The word is "prefer", not "demand", and "possible for the ... type", which
might be a specific implementation but usually isn't.

Consider the fairly common error of using Vector for a List when you don't
need its special features.  If you declared

List <String> stuff = new Vector <String> ();

then it's much easier to change to

List <String> stuff = new ArrayList <String> ();

and later, if you see that you need specific performance characteristics,

List <String> stuff = new TreeList <String> ();

or even

List <String> stuff
   = Collections.synchronizedList( new ArrayList <String> () );

No other code will depend on non-List methods such as those of Vector, so you
are much safer in making the changes.

Read Joshua Bloch's excellent book /Effective Java/ for details on this and
many other best practices.

Signature

Lew

Knute Johnson - 20 Oct 2007 03:34 GMT
>>> I saw in many places that people use:
>>>
[quoted text clipped - 50 lines]
> Read Joshua Bloch's excellent book /Effective Java/ for details on this
> and many other best practices.

It doesn't make a lot of sense to me.  Generics were added to closely
control the type of parameters passed to a class that we then want to
make less type specific?  It makes no sense to turn a LinkedList for
example into a plain List as you lose all of what makes it a LinkedList.
 Of course you could assign it to a Deque.

knute...
Lew - 20 Oct 2007 03:40 GMT
> It doesn't make a lot of sense to me.  Generics were added to closely
> control the type of parameters passed to a class that we then want to
> make less type specific?  It makes no sense to turn a LinkedList for
> example into a plain List as you lose all of what makes it a LinkedList.
>  Of course you could assign it to a Deque.

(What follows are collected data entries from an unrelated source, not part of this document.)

(* Suppose $S$ is $(K,\mu,\alpha)$-decaying and $V$ is $(J,\mu,\beta)$-decaying for some $\alpha,\beta\ge4$. Then $[S,V]$ has a local decomposition which is $(cKJ,\mu)$-decaying (i.e. $(cKJ,\mu,0)$-decaying) for some constant $c$ (independent of $L,K,J,\mu$).
   Context: Let $\Lambda=\mathbb{Z}_L\times\mathbb{Z}_L$ (periodic boundary conditions), each site carrying a finite-dimensional Hilbert space, $\mathcal{H}$ their tensor product. For $r\ge1$, $\mathcal{S}(r)$ is the set of all $r\times r$ square blocks of sites ($\mathcal{S}(L)=\{\Lambda\}$, $\mathcal{S}(r)=\emptyset$ for $r>L$). A local decomposition of an operator $V$ on $\mathcal{H}$ is a family $\{V_{r,A}\}$, $r\ge1$, $A\in\mathcal{S}(r)$, with $V_{r,A}$ supported on $A$ and $V=\sum_{r\ge1}\sum_{A\in\mathcal{S}(r)}V_{r,A}$. It is $(J,\mu,\alpha)$-decaying if $\max_{r\ge1}\max_{A\in\mathcal{S}(r)}\|V_{r,A}\|\,r^{\alpha}e^{\mu r}\le J$; an operator is called $(J,\mu,\alpha)$-decaying if it has such a local decomposition, and $(J,\mu)$-decaying means $(J,\mu,0)$-decaying. *)

From HB Require Import structures.
From mathcomp Require Import all_boot all_order all_algebra.
From mathcomp Require Import complex.
From mathcomp Require Import boolp classical_sets reals.
From mathcomp.analysis Require Import sequences exp.
Set Implicit Arguments. Unset Strict Implicit. Unset Printing Implicit Defensive.
Import Order.TTheory GRing.Theory Num.Theory.
Local Open Scope ring_scope.

(* Sites of the torus Z_L x Z_L. *)
Definition site (L : nat) := ('I_L * 'I_L)%type.

(* Product basis of H = tensor over sites of C^(d x): configurations. *)
Definition config (L : nat) (d : site L -> nat) :=
  {dffun forall x : site L, 'I_(d x)}.

(* Operators on H, as matrices in the product basis, over complex numbers R[i]. *)
Definition Op (R : realType) (L : nat) (d : site L -> nat) :=
  {ffun config d * config d -> R[i]}.

Section Ops.
Variables (R : realType) (L : nat) (d : site L -> nat).
Local Notation C := (R[i]).
Local Notation cfg := (config d).
Local Notation op := (Op R d).

Definition opmul (A B : op) : op :=
  [ffun p => \sum_(k : cfg) A (p.1, k) * B (k, p.2)].

Definition comm (A B : op) : op := opmul A B - opmul B A.

Definition apply (A : op) (v : cfg -> C) : cfg -> C :=
  fun s => \sum_(t : cfg) A (s, t) * v t.

Definition vnorm (v : cfg -> C) : R := Num.sqrt (\sum_(s : cfg) Normc.normc (v s) ^+ 2).

Definition opnorm (A : op) : R :=
  reals.sup [set vnorm (apply A v) | v in [set v | vnorm v <= 1]]%classic.

(* A is supported on the set of sites X, i.e. A = A_X (x) 1_{complement of X},
   written out in the product basis. *)
Definition supported_on (X : {set site L}) (A : op) : Prop :=
  (forall s t : cfg, (exists2 x, x \notin X & s x != t x) -> A (s, t) = 0) /\
  (forall s t s' t' : cfg,
      (forall x, x \in X -> s x = s' x /\ t x = t' x) ->
      (forall x, x \notin X -> s x = t x /\ s' x = t' x) ->
      A (s, t) = A (s', t')).
End Ops.

(* The r x r square block with lower-left corner x (periodic b.c.). *)
Definition block (L r : nat) (x : site L) : {set site L} :=
  [set y : site L | ((y.1 + L - x.1) %% L < r)%N && ((y.2 + L - x.2) %% L < r)%N].

(* S(r): all r x r blocks; S(L) = {Lambda}, S(r) = empty for r > L. *)
Definition blocks (L r : nat) : {set {set site L}} :=
  if (r <= L)%N then [set block r x | x : site L] else finset.set0.
(* Let $\Omega$ be a norm on $\mathbb{R}^p$, fix $J\subset\{1,\dots,p\}$, and let $g$ be the gauge function described in the context. Then: (1) $g$ is a norm on $\mathbb{R}^p$. (2) For every allowed set $S$ and every $\beta\in\mathbb{R}^p$: $g(\beta)\le\Upsilon_S(\beta)\le\Omega(\beta)$ and $g(\beta)\le\Upsilon_S(\beta_{f(J)})$. (3) $g$ is the dual norm of the norm $\beta\mapsto\max_{S\text{ allowed}}\max\big(\Upsilon_S^{*}(\beta),\Upsilon_S^{*}(\beta_{f(J)})\big)$; moreover, for every allowed $S$ and every $z\in\mathbb{R}^p$, $\Upsilon_S^{*}(z)=\max\big(\Omega^{*}(z_S),(\Omega^{S^{c}})^{*}(z_{S^{c}})\big)$. (4) $g(\beta_{J^{c}})\le g(\beta)$ for all $\beta\in\mathbb{R}^p$.
   Context: For $\beta\in\mathbb{R}^p$ and $J\subset\{1,\dots,p\}$, $\beta_J$ is the vector with entries $\beta_j1\{j\in J\}$ (or its restriction to $J$, depending on context). A set $S\subset\{1,\dots,p\}$ is allowed (for $\Omega$) if there is a norm $\Omega^{S^{c}}$ on $\mathbb{R}^{|S^{c}|}$ with $\Omega(\beta_S)+\Omega^{S^{c}}(\beta_{S^{c}})\le\Omega(\beta)$ for all $\beta$; for each allowed $S$ such a norm is fixed and $\Upsilon_S(\beta):=\Omega(\beta_S)+\Omega^{S^{c}}(\beta_{S^{c}})$. For a norm $N$, $N^{*}(z):=\sup_{N(\beta)\le1}\beta^{T}z$ is its dual norm. Let $\beta_{f(J)}:=\beta_J-\beta_{J^{c}}$ and $\mathrm{flip}_J(B):=\{\beta_{f(J)}:\beta\in B\}$ for $B\subset\mathbb{R}^p$. Let $\overline{B}:=\bigcup_{S\text{ allowed}}\{\beta:\Upsilon_S(\beta)\le1\}$, $B_g:=\mathrm{Conv}(\overline{B}\cup\mathrm{flip}_J(\overline{B}))$, and $g(x):=\inf\{t>0:x\in tB_g\}$. *)

From HB Require Import structures.
From mathcomp Require Import all_boot all_order all_algebra.
From mathcomp Require Import boolp classical_sets reals.
Set Implicit Arguments. Unset Strict Implicit. Unset Printing Implicit Defensive.
Import Order.TTheory GRing.Theory Num.Theory.
Local Open Scope ring_scope.
Local Open Scope classical_set_scope.

Section Defs.
Variables (R : realType) (p : nat).
Notation vec := 'rV[R]_p.

Definition restr (J : {set 'I_p}) (b : vec) : vec :=
  \row_j (if j \in J then b ord0 j else 0).

(* beta_{f(J)} := beta_J - beta_{J^c} *)
Definition flipv (J : {set 'I_p}) (b : vec) : vec := restr J b - restr (~: J) b.

Definition flipset (J : {set 'I_p}) (B : set vec) : set vec := flipv J @` B.

Definition supported (A : {set 'I_p}) (b : vec) : Prop := forall j, j \notin A -> b ord0 j = 0.

(* N is a norm on the coordinate subspace R^A (identified with R^{|A|}) *)
Definition is_norm_on (A : {set 'I_p}) (N : vec -> R) : Prop :=
  [/\ forall b, supported A b -> 0 <= N b,
      forall b, supported A b -> N b = 0 -> b = 0,
      forall (t : R) b, supported A b -> N (t *: b) = `|t| * N b &
      forall b c, supported A b -> supported A c -> N (b + c) <= N b + N c].

Definition is_norm (N : vec -> R) : Prop := is_norm_on [set: 'I_p]%SET N.

Definition dotv (b z : vec) : R := \sum_j b ord0 j * z ord0 j.

Definition dual_on (A : {set 'I_p}) (N : vec -> R) (z : vec) : R :=
  sup [set dotv b z | b in [set b | supported A b /\ N b <= 1]].

Definition dual (N : vec -> R) (z : vec) : R := dual_on [set: 'I_p]%SET N z.

Definition allowed (Om : vec -> R) (S : {set 'I_p}) : Prop :=
  exists N : vec -> R, is_norm_on (~: S) N /\
    forall b, Om (restr S b) + N (restr (~: S) b) <= Om b.

Definition Upsilon (Om : vec -> R) (OmS : {set 'I_p} -> vec -> R) (S : {set 'I_p}) (b : vec) : R :=
  Om (restr S b) + OmS S (restr (~: S) b).

Definition conv_hull (A : set vec) : set vec :=
  [set x | exists n (w : 'I_n -> R) (a : 'I_n -> vec),
     [/\ forall i, 0 <= w i, \sum_i w i = 1, forall i, A (a i) & x = \sum_i w i *: a i]].

Definition Bbar (Om : vec -> R) (OmS : {set 'I_p} -> vec -> R) : set vec :=
  \bigcup_(S in [set S | allowed Om S]) [set b | Upsilon Om OmS S b <= 1].

Definition Bg Om OmS (J : {set 'I_p}) : set vec :=
  conv_hull (Bbar Om OmS `|` flipset J (Bbar Om OmS)).

Definition gauge (B : set vec) (x : vec) : R :=
  inf [set t | 0 < t /\ exists2 b, B b & x = t *: b].

Definition g Om OmS J : vec -> R := gauge (Bg Om OmS J).

Definition gdual Om OmS (J : {set 'I_p}) (b : vec) : R :=
  \big[Num.max/0]_(S : {set 'I_p} | `[< allowed Om S >])
     Num.max (dual (Upsilon Om OmS S) b) (dual (Upsilon Om OmS S) (flipv J b)).

End Defs.

(* B_g is convex, symmetric, absorbing and stable under the flip,
   so its gauge g is a flip-invariant sublinear functional; it is bounded by
   every Upsilon_S because the unit ball of Upsilon_S lies in B_g, and
   averaging b with its flip bounds g(b_{J^c}) by g(b).  Every point of B_g
   pairs with z to at most h(z), the max over allowed S of Upsilon_S^*(z) and
   Upsilon_S^*(z_{f(J)}); hence h^* <= g, which also makes g definite.
   Conversely, a Hahn-Banach functional z supporting g at b has h(z) <= 1, so
   g(b) <= h^*(b).  All these suprema are finite because a norm on a
   coordinate subspace dominates a multiple of the sup norm (compactness of
   the cube).  Finally Upsilon_S is the l1-sum of Omega on R^S and
   Omega^{S^c} on R^{S^c}, so its dual norm is the max of the two duals. *)

From HB Require Import structures.
From mathcomp Require Import all_boot all_order all_algebra.
From mathcomp Require Import boolp classical_sets reals topology normedtype derive.
From mathcomp Require Import lra.

Set Implicit Arguments. Unset Strict Implicit. Unset Printing Implicit Defensive.
Import Order.TTheory GRing.Theory Num.Theory.
Import numFieldTopology.Exports numFieldNormedType.Exports.
Local Open Scope ring_scope.
Local Open Scope classical_set_scope.

Section Coordinates.
Variables (R : realType) (p : nat).
Local Notation vec := 'rV[R]_p.
Implicit Types (A J : {set 'I_p}) (b c z : vec).

Lemma restrE A b j : restr A b ord0 j = if j \in A then b ord0 j else 0.
Proof. by rewrite mxE. Qed.

Lemma restrD A b c : restr A (b + c) = restr A b + restr A c.
Proof. by apply/rowP => j; rewrite !mxE; case: ifP; rewrite ?addr0. Qed.

Lemma restrZ A (t : R) b : restr A (t *: b) = t *: restr A b.
Proof. by apply/rowP => j; rewrite !mxE; case: ifP; rewrite ?mulr0. Qed.

Lemma restr0 A : restr A (0 : vec) = 0.
Proof. by apply/rowP => j; rewrite !mxE if_same. Qed.

Lemma restrB A b c : restr A (b - c) = restr A b - restr A c.
Proof. by apply/rowP => j; rewrite !mxE; case: ifP; rewrite ?subr0. Qed.

Lemma restrT b : restr [set: 'I_p] b = b.
Proof. by apply/rowP => j; rewrite !mxE inE. Qed.

Lemma restr_sum A (I : finType) (F : I -> vec) :
  restr A (\sum_i F i) = \sum_i restr A (F i).
Proof. exact: (big_morph _ (restrD A) (restr0 A)). Qed.

Lemma restrC A b : restr A b + restr (~: A) b = b.
Proof. by apply/rowP => j; rewrite !mxE inE; case: ifP; rewrite ?addr0 ?add0r. Qed.

Lemma supp0 A : supported A (0 : vec).
Proof. by move=> j _; rewrite mxE. Qed.

Lemma suppD A b c : supported A b -> supported A c -> supported A (b + c).
Proof. by move=> sb sc j jA; rewrite mxE sb ?sc ?addr0. Qed.

Lemma suppZ A (t : R) b : supported A b -> supported A (t *: b).
Proof. by move=> sb j jA; rewrite mxE sb ?mulr0. Qed.

Lemma suppN A b : supported A b -> supported A (- b).
Proof. by move=> sb j jA; rewrite mxE sb ?oppr0. Qed.

Lemma suppB A b c : supported A b -> supported A c -> supported A (b - c).
Proof. by move=> sb sc; exact/suppD/suppN. Qed.

Lemma suppT b : supported [set: 'I_p] b.
Proof. by move=> j; rewrite inE. Qed.

Lemma restr_supp A b : supported A (restr A b).
Proof. by move=> j /negbTE jA; rewrite mxE jA. Qed.

Lemma restr_id A b : supported A b -> restr A b = b.
Proof. by move=> sb; apply/rowP => j; rewrite mxE; case: ifPn => // /sb ->. Qed.

Lemma restr_suppC A b : supported (~: A) b -> restr A b = 0.
Proof.
by move=> sb; apply/rowP => j; rewrite !mxE; case: ifPn => // jA; rewrite sb ?inE ?jA.
Qed.

Lemma restrC_restr A b : restr (~: A) (restr A b) = 0.
Proof. by apply/rowP => j; rewrite !mxE inE; case: (j \in A). Qed.

Lemma dotvC b z : dotv b z = dotv z b.
Proof. by apply: eq_bigr => j _; rewrite mulrC. Qed.

Lemma dotvDl b c z : dotv (b + c) z = dotv b z + dotv c z.
Proof. by rewrite /dotv -big_split; apply: eq_bigr => j _; rewrite mxE mulrDl. Qed.
(* Let $\alpha\in(0,1]$, $0\le a<b$, and let $f:[a,b]\to\mathbb{R}$ be $\alpha$-fractional differentiable such that $D_\alpha f$ is increasing and $f$ is decreasing on $[a,b]$. Then $$ f\left(\frac{a+b}{2}\right)\le\frac{\alpha}{b^\alpha-a^\alpha}\int_a^b f(s)\,d_\alpha s\le f(b)+f(a)-f\left(\frac{a+b}{2}\right). $$
   Context: The conformable $\alpha$-fractional derivative is $D_\alpha f(t):=\lim_{\varepsilon\to 0}\frac{f(t+\varepsilon t^{1-\alpha})-f(t)}{\varepsilon}$ for $t>0$, $D_\alpha f(0):=\lim_{t\to0^+}D_\alpha f(t)$. Integrals: $\int_a^b h(s)\,d_\alpha s:=\int_a^b h(s)s^{\alpha-1}\,ds$. *)

From Stdlib Require Import Reals Lra.
From Coquelicot Require Import Coquelicot.
Open Scope R_scope.

(* Real power x^y for x >= 0 with the convention 0^y = 0 (used for y > 0).
   (Stdlib's Rpower 0 y = exp (y * ln 0) = 1, which is wrong at 0.) *)
Definition rpow (x y : R) : R := if Rle_dec x 0 then 0 else Rpower x y.

Definition conf_deriv_at (a b alpha : R) (f : R -> R) (t l : R) : Prop :=
  forall e : R, 0 < e -> exists d : R, 0 < d /\
    forall h : R, h <> 0 -> Rabs h < d ->
      a <= t + h * rpow t (1 - alpha) <= b ->
      Rabs ((f (t + h * rpow t (1 - alpha)) - f t) / h - l) < e.

Definition conf_deriv_on (a b alpha : R) (f Df : R -> R) : Prop :=
  (forall t : R, a <= t <= b -> 0 < t -> conf_deriv_at a b alpha f t (Df t)) /\
  (a = 0 -> filterlim Df (at_right 0) (locally (Df 0))).

From Stdlib Require Import Reals Lra Classical.
From Coquelicot Require Import Coquelicot.
Open Scope R_scope.

(* Substitute [X = s^alpha]: [F X := f (X^(1/alpha))] has derivative [Df s / alpha], which is
   nondecreasing, so [F] is convex (and nonincreasing) on [[a^alpha, b^alpha]], and the weighted
   integral equals [(1/alpha) * int F]. The two inequalities are then Hermite-Hadamard: [F] lies
   above its tangent at [m^alpha], where [m = (a+b)/2] and [m^alpha >= (a^alpha + b^alpha)/2] by
   concavity of the power, and below its chord; the chord bound survives a jump of [f] at [a],
   since [f] is nonincreasing. The improper integral at [a] converges because
   [int_x^b (f s - f b) s^(alpha-1) ds] is monotone in [x] and bounded. We work in [s] directly,
   with [f s - c/alpha * s^alpha] in place of [F X - c X]. *)

(** * Real powers *)

Lemma rpow_pos x y : 0 < x -> rpow x y = Rpower x y.
Proof. intros Hx. unfold rpow. destruct (Rle_dec x 0); [lra | reflexivity]. Qed.

Lemma rpow_0 y : rpow 0 y = 0.
Proof. unfold rpow. destruct (Rle_dec 0 0); [reflexivity | lra]. Qed.

Lemma rpow_lt a b al : 0 <= a < b -> 0 < al -> rpow a al < rpow b al.
Proof.
  intros Hab Hal. rewrite (rpow_pos b) by lra.
  destruct (Req_dec a 0) as [-> | Ha].
  - rewrite rpow_0. apply exp_pos.
  - rewrite rpow_pos by lra. apply Rlt_Rpower_l; lra.
Qed.

Lemma Rpower_inv_exponent t al : Rpower t (al - 1) = / Rpower t (1 - al).
Proof. rewrite <- Rpower_Ropp. f_equal. ring. Qed.

Lemma is_derive_Rpower x y : 0 < x -> is_derive (fun s => Rpower s y) x (y * Rpower x (y - 1)).
Proof. intros Hx. apply is_derive_Reals, derivable_pt_lim_power, Hx. Qed.

Lemma continuous_Rpower x y : 0 < x -> continuous (fun s => Rpower s y) x.
Proof.
  intros Hx. apply (ex_derive_continuous (fun s => Rpower s y)).
  eexists. now apply is_derive_Rpower.
Qed.

Lemma Rpower_at_right a al : 0 <= a -> 0 < al ->
  filterlim (fun x => Rpower x al) (at_right a) (locally (rpow a al)).
Proof.
  intros Ha Hal. destruct (Req_dec a 0) as [-> | Ha0].
  - rewrite rpow_0. apply filterlim_locally. intros eps.
    (* below [eps ^ (1/al)] the power stays below [eps] *)
    exists (mkposreal (Rpower eps (/ al)) (exp_pos _)). intros x Hx Hx0.
    change (Rabs (x - 0) < Rpower eps (/ al)) in Hx. change (Rabs (Rpower x al - 0) < eps).
    rewrite Rminus_0_r, Rabs_pos_eq in Hx by lra.
    rewrite Rminus_0_r, Rabs_pos_eq by (left; apply exp_pos).
    replace (pos eps) with (Rpower (Rpower eps (/ al)) al).
    + apply Rlt_Rpower_l; lra.
    + rewrite Rpower_mult, Rinv_l, Rpower_1 by (try apply cond_pos; lra). reflexivity.
  - rewrite rpow_pos by lra.
    eapply filterlim_filter_le_1; [apply filter_le_within |].
    apply continuous_Rpower. lra.
Qed.

Lemma Rpower_bernoulli t al : 0 < t -> 0 < al <= 1 -> Rpower t al <= 1 + al * (t - 1).
Proof.
  intros Ht Hal. set (s := 1 + al * (t - 1)).
  assert (Hs : 0 < s) by (unfold s; nra).
  (* [ln y <= y - 1] at [t/s] and [1/s], weighted by [al] and [1 - al], gives [al ln t <= ln s]. *)
  assert (Hln : forall y, 0 < y -> ln y <= y - 1).
  { intros y Hy. pose proof (exp_ineq1_le (ln y)). rewrite exp_ln in * by exact Hy. lra. }
  pose proof (Hln (t / s) ltac:(apply Rdiv_lt_0_compat; lra)) as H1.
  pose proof (Hln (/ s) ltac:(apply Rinv_0_lt_compat; lra)) as H2.
  rewrite ln_div in H1 by lra. rewrite ln_Rinv in H2 by lra.
  assert (Hsum : al * (t / s - 1) + (1 - al) * (/ s - 1) = 0).
  { replace (al * (t / s - 1) + (1 - al) * (/ s - 1)) with ((al * t + (1 - al)) / s - 1)
      by (field; lra).
    replace (al * t + (1 - al)) with s by (unfold s; ring). field; lra. }
  assert (al * ln t <= ln s).
  { apply Rmult_le_compat_l with (r := al) in H1; [| lra].
    apply Rmult_le_compat_l with (r := 1 - al) in H2; [| lra]. lra. }
  unfold Rpower. rewrite <- (exp_ln s) by lra.
  destruct (Req_dec (al * ln t) (ln s)) as [-> | ]; [lra | left; apply exp_increasing; lra].
Qed.

Lemma rpow_le_tangent x m al : 0 <= x -> 0 < m -> 0 < al <= 1 ->
  rpow x al <= Rpower m al * (1 + al * (x / m - 1)).
Proof.
  intros Hx Hm Hal. pose proof (exp_pos (al * ln m)) as HM. fold (Rpower m al) in HM.
  destruct (Req_dec x 0) as [-> | Hx0].
  - rewrite rpow_0. replace (0 / m) with 0 by (field; lra). nra.
  - rewrite rpow_pos by lra.
    replace x with (x / m * m) at 1 by (field; lra).
    rewrite <- Rpower_mult_distr by (try apply Rdiv_lt_0_compat; lra).
    rewrite (Rmult_comm (Rpower (x / m) al)).
    apply Rmult_le_compat_l; [lra |].
    apply Rpower_bernoulli; [apply Rdiv_lt_0_compat |]; lra.
Qed.

Lemma rpow_midpoint a b al : 0 <= a -> 0 < b -> 0 < al <= 1 ->
  (rpow a al + rpow b al) / 2 <= rpow ((a + b) / 2) al.
Proof.
  intros Ha Hb Hal. set (m := (a + b) / 2).
  assert (Hm : 0 < m) by (unfold m; lra).
  pose proof (rpow_le_tangent a m al Ha Hm Hal) as HA.
  pose proof (rpow_le_tangent b m al ltac:(lra) Hm Hal) as HB.
  rewrite (rpow_pos m) by exact Hm.
  replace (Rpower m al) with ((Rpower m al * (1 + al * (a / m - 1)) +
    Rpower m al * (1 + al * (b / m - 1))) / 2) by (unfold m; field; lra).
  lra.
Qed.

(** * One-sided derivatives within an interval *)

Definition deriv_within (a b : R) (f : R -> R) (t l : R) : Prop :=
  forall e : R, 0 < e -> exists d : R, 0 < d /\
    forall h : R, h <> 0 -> Rabs h < d -> a <= t + h <= b ->
      Rabs ((f (t + h) - f t) / h - l) < e.

(* The conformable quotient with step [h] is [t^(1-al)] times the ordinary
   quotient with step [h t^(1-al)]. *)
Lemma conf_deriv_at_deriv_within a b al f t l : 0 < t ->
  conf_deriv_at a b al f t l -> deriv_within a b f t (l * Rpower t (al - 1)).
Proof.
  intros Ht Hconf e He.
  set (k := Rpower t (1 - al)).
  assert (Hk : 0 < k) by apply exp_pos.
  destruct (Hconf (e * k) ltac:(nra)) as [d [Hd Hquot]].
  exists (d * k). split; [nra |]. intros h Hh0 Hh Hth.
  specialize (Hquot (h / k)). rewrite rpow_pos in Hquot by exact Ht. fold k in Hquot.
  replace (t + h / k * k) with (t + h) in Hquot by (field; lra).
  assert (Hq : Rabs ((f (t + h) - f t) / (h / k) - l) < e * k).
  { apply Hquot; [| | exact Hth].
    - intros E. apply Hh0. replace h with (h / k * k) by (field; lra). rewrite E. ring.
    - rewrite Rabs_div, (Rabs_pos_eq k) by lra.
      apply Rmult_lt_reg_r with k; [exact Hk |]. unfold Rdiv. rewrite Rmult_assoc, Rinv_l; lra. }
  rewrite Rpower_inv_exponent. fold k.
  replace ((f (t + h) - f t) / h - l * / k) with (((f (t + h) - f t) / (h / k) - l) / k)
    by (field; lra).
  rewrite Rabs_div, (Rabs_pos_eq k) by lra.
  apply Rmult_lt_reg_r with k; [exact Hk |]. unfold Rdiv. rewrite Rmult_assoc, Rinv_l; lra.
Qed.

Lemma deriv_within_interior a b f t l : a < t < b ->
  deriv_within a b f t l -> derivable_pt_lim f t l.
Proof.
  intros Ht Hf e He. destruct (Hf e He) as [d [Hd Hquot]].
  assert (Hd' : 0 < Rmin d (Rmin (t - a) (b - t))) by (repeat apply Rmin_pos; lra).
  exists (mkposreal _ Hd'). intros h Hh0 Hh. simpl in Hh.
  pose proof (Rmin_l d (Rmin (t - a) (b - t))).
  pose proof (Rmin_l (t - a) (b - t)). pose proof (Rmin_r (t - a) (b - t)).
  pose proof (Rmin_r d (Rmin (t - a) (b - t))).
  apply Hquot; [exact Hh0 | lra |].
  apply Rabs_def2 in Hh. lra.
Qed.

Lemma deriv_within_continuous a b f t l p q : a <= p -> q <= b -> p <= t <= q ->
  deriv_within a b f t l -> filterlim f (within (fun y => p <= y <= q) (locally t)) (locally (f t)).
Proof.
  intros Hp Hq Ht Hf. apply filterlim_locally. intros e.
  destruct (Hf 1 Rlt_0_1) as [d [Hd Hquot]].
  set (M := Rabs l + 1).
  assert (HM : 0 < M) by (unfold M; pose proof (Rabs_pos l); lra).
  assert (Hd' : 0 < Rmin d (e / M))
    by (apply Rmin_pos; [lra | apply Rdiv_lt_0_compat; [apply cond_pos | lra]]).
  exists (mkposreal _ Hd'). intros y Hy Hpq.
  change (Rabs (y - t) < Rmin d (e / M)) in Hy. change (Rabs (f y - f t) < e).
  pose proof (Rmin_l d (e / M)). pose proof (Rmin_r d (e / M)).
  destruct (Req_dec y t) as [-> | Hyt].
  { rewrite Rminus_diag, Rabs_R0. apply cond_pos. }
  (* a quotient within [1] of [l] is bounded by [M], so [|f y - f t| <= M |y - t|] *)
  set (h := y - t).
  assert (Hh0 : h <> 0) by (unfold h; lra).
  specialize (Hquot h Hh0 ltac:(unfold h; lra) ltac:(unfold h; lra)).
  replace (t + h) with y in Hquot by (unfold h; lra).
  assert (Hbound : Rabs ((f y - f t) / h) < M).
  { unfold M. replace ((f y - f t) / h) with (((f y - f t) / h - l) + l) by ring.
    pose proof (Rabs_triang ((f y - f t) / h - l) l). lra. }
  replace (f y - f t) with ((f y - f t) / h * h) by (field; exact Hh0).
  rewrite Rabs_mult.
  apply Rle_lt_trans with (M * Rabs h).
  - apply Rmult_le_compat_r; [apply Rabs_pos | lra].
  - replace (pos e) with (M * (e / M)) by (field; lra).
    apply Rmult_lt_compat_l; [exact HM | unfold h; lra].
Qed.

Definition clamp (p q x : R) : R := Rmax p (Rmin x q).

Lemma clamp_in p q x : p <= q -> p <= clamp p q x <= q.
Proof. intros H. unfold clamp, Rmax, Rmin. repeat destruct Rle_dec; lra. Qed.

Lemma clamp_id p q x : p <= x <= q -> clamp p q x = x.
Proof. intros H. unfold clamp, Rmax, Rmin. repeat destruct Rle_dec; lra. Qed.

Lemma clamp_dist p q x y : Rabs (clamp p q y - clamp p q x) <= Rabs (y - x).
Proof.
  unfold clamp, Rmax, Rmin, Rabs.
  repeat destruct Rle_dec; repeat destruct Rcase_abs; lra.
Qed.

Lemma continuous_clamp p q (h : R -> R) z : p <= q ->
  continuous_on (fun y => p <= y <= q) h -> continuous (fun y => h (clamp p q y)) z.
Proof.
  intros Hpq Hh. unfold continuous.
  eapply filterlim_comp; [| apply (Hh _ (clamp_in p q z Hpq))].
  intros P [eps HP]. exists eps. intros y Hy.
  apply HP; [| apply clamp_in, Hpq].
  change (Rabs (clamp p q y - clamp p q z) < eps).
  eapply Rle_lt_trans; [apply clamp_dist | exact Hy].
Qed.

Lemma continuous_on_plus D (h k : R -> R) :
  continuous_on D h -> continuous_on D k -> continuous_on D (fun x => h x + k x).
Proof.
  intros Hh Hk x Dx.
  exact (filterlim_comp_2 h k Rplus (Hh x Dx) (Hk x Dx) (filterlim_plus (h x) (k x))).
Qed.

Lemma continuous_on_mult D (h k : R -> R) :
  continuous_on D h -> continuous_on D k -> continuous_on D (fun x => h x * k x).
Proof.
  intros Hh Hk x Dx.
  exact (filterlim_comp_2 h k Rmult (Hh x Dx) (Hk x Dx) (@filterlim_mult R_AbsRing (h x) (k x))).
Qed.

Lemma continuous_on_Rpower p q c y : 0 < p ->
  continuous_on (fun s => p <= s <= q) (fun s => c * Rpower s y).
Proof.
  intros Hp. apply continuous_on_forall. intros x Hx.
  apply (continuous_mult (fun _ => c) (fun s => Rpower s y));
    [apply continuous_const | apply continuous_Rpower; lra].
Qed.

Well, duhy, if you need the specific type you use the specific type.  No one
is saying to be stupid about it.

Signature

Lew

Knute Johnson - 20 Oct 2007 09:37 GMT
>> It doesn't make a lot of sense to me.  Generics were added to closely
>> control the type of parameters passed to a class that we then want to
[quoted text clipped - 4 lines]
> Well, duhy, if you need the specific type you use the specific type.  No
> one is saying to be stupid about it.

The only two classes extended from List that you would ever want to do
this with are ArrayList and Vector.  Since everyone hates Vector,
explain to me in what actual case this would be of any benefit and not
just confusing.

knute...
Patricia Shanahan - 20 Oct 2007 11:41 GMT
>>> It doesn't make a lot of sense to me.  Generics were added to closely
>>> control the type of parameters passed to a class that we then want to
[quoted text clipped - 11 lines]
>
> knute...

You might choose LinkedList because you need e.g. a Queue. On the other
hand, it is also reasonable to choose LinkedList because you need a List
and preliminary estimates suggest that non-tail insertions and removals
will dominate over indexed access.

I would use List, except for the actual constructor call, in the second
case.

Patricia
Lew - 20 Oct 2007 14:10 GMT
>>>> It doesn't make a lot of sense to me.  Generics were added to
>>>> closely control the type of parameters passed to a class that we
[quoted text clipped - 19 lines]
> I would use List, except for the actual constructor call, in the second
> case.

I simply point to the body of literature, such as Joshua Bloch's /Effective
Java/, that make the case for this practice.  They provide much better
arguments than I will here in favor of it.  That's where I learned it -
reading the experts.  Instead of challenging me to justify the practice, write
to them.

Signature

Lew

Eric Sosman - 22 Oct 2007 17:35 GMT
Knute Johnson wrote On 10/20/07 04:37,:

>>>It doesn't make a lot of sense to me.  Generics were added to closely
>>>control the type of parameters passed to a class that we then want to
[quoted text clipped - 7 lines]
> The only two classes extended from List that you would ever want to do
> this with are ArrayList and Vector.

   The documentation describes ten core classes that
implement List, of which eight are concrete classes.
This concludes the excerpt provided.